| YOUR INSTRUCTIONS |
Count the lines below with the string "mathcomp" in them. Only the number should be given.

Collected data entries
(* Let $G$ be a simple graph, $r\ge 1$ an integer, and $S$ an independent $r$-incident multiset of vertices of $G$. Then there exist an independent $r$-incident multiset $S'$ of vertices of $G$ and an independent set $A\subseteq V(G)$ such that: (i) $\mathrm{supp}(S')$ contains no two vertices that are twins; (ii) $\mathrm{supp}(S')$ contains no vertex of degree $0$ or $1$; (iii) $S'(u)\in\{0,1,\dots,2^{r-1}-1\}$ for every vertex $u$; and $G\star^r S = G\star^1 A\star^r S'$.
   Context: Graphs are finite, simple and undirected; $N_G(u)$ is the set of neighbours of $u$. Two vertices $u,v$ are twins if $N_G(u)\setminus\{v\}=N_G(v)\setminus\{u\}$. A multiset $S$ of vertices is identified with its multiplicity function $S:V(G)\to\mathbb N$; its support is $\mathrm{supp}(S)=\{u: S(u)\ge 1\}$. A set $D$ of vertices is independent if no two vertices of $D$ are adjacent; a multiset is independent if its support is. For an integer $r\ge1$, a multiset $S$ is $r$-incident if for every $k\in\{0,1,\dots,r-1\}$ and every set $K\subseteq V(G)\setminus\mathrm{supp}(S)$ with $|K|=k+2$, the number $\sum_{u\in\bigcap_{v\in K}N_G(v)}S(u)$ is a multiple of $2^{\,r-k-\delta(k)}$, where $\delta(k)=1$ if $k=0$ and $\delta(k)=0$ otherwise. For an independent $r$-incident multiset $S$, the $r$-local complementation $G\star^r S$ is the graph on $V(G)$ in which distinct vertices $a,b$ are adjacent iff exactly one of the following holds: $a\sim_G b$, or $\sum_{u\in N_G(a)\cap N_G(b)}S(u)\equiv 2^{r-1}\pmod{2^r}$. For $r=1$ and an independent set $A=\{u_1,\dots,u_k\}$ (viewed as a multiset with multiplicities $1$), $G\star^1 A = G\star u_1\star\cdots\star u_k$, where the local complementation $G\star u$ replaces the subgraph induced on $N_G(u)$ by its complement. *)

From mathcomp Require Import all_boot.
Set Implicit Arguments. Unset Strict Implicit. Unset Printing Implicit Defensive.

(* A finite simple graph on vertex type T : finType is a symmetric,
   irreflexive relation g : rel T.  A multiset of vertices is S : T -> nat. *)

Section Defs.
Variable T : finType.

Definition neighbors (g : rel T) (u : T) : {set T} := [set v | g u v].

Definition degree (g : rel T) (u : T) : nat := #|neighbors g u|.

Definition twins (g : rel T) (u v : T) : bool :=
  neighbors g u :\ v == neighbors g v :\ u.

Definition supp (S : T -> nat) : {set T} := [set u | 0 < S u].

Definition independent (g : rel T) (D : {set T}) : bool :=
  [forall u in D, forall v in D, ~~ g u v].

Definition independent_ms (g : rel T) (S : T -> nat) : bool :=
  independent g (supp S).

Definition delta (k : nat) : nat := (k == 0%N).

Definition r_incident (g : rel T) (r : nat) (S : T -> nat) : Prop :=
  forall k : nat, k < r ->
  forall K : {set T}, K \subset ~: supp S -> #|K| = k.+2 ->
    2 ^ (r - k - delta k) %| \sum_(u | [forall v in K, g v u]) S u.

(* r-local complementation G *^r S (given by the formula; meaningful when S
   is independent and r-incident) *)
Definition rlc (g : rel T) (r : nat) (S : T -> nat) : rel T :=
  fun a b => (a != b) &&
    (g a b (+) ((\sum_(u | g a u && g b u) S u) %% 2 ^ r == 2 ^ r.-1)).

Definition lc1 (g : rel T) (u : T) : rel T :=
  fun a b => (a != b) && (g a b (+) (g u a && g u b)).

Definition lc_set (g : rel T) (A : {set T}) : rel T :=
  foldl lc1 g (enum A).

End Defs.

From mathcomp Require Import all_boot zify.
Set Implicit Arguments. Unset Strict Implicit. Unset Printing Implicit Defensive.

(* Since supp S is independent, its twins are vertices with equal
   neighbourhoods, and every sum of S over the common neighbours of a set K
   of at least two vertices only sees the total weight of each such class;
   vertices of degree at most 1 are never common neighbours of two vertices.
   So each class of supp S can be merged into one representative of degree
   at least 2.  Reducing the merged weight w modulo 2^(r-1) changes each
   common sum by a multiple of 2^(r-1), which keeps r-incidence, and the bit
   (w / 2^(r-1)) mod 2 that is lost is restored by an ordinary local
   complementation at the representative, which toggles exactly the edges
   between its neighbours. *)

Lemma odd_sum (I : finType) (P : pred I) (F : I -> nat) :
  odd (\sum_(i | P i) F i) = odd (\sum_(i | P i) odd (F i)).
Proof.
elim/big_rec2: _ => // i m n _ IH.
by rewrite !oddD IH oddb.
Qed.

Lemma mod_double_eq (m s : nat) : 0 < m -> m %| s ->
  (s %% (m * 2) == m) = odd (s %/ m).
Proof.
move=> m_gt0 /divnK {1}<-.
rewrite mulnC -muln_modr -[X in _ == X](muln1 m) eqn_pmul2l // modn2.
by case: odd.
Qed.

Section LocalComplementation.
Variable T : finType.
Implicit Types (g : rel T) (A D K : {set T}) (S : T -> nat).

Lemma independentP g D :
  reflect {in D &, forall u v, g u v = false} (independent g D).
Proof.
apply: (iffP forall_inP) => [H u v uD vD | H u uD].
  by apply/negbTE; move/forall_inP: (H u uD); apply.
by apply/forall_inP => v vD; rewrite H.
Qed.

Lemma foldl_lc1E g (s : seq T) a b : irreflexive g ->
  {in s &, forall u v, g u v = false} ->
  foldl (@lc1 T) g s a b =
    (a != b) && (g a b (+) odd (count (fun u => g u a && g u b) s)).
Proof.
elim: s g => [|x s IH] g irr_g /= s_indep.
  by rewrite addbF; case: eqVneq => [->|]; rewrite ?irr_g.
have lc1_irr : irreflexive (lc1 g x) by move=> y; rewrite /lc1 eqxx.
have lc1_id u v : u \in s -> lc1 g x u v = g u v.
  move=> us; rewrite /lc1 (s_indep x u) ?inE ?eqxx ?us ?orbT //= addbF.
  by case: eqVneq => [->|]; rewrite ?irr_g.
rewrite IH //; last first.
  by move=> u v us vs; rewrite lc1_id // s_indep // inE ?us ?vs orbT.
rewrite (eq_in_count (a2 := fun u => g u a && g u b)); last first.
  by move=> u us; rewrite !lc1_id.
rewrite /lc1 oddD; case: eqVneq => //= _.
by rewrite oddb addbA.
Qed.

| ANSWER BELOW |
2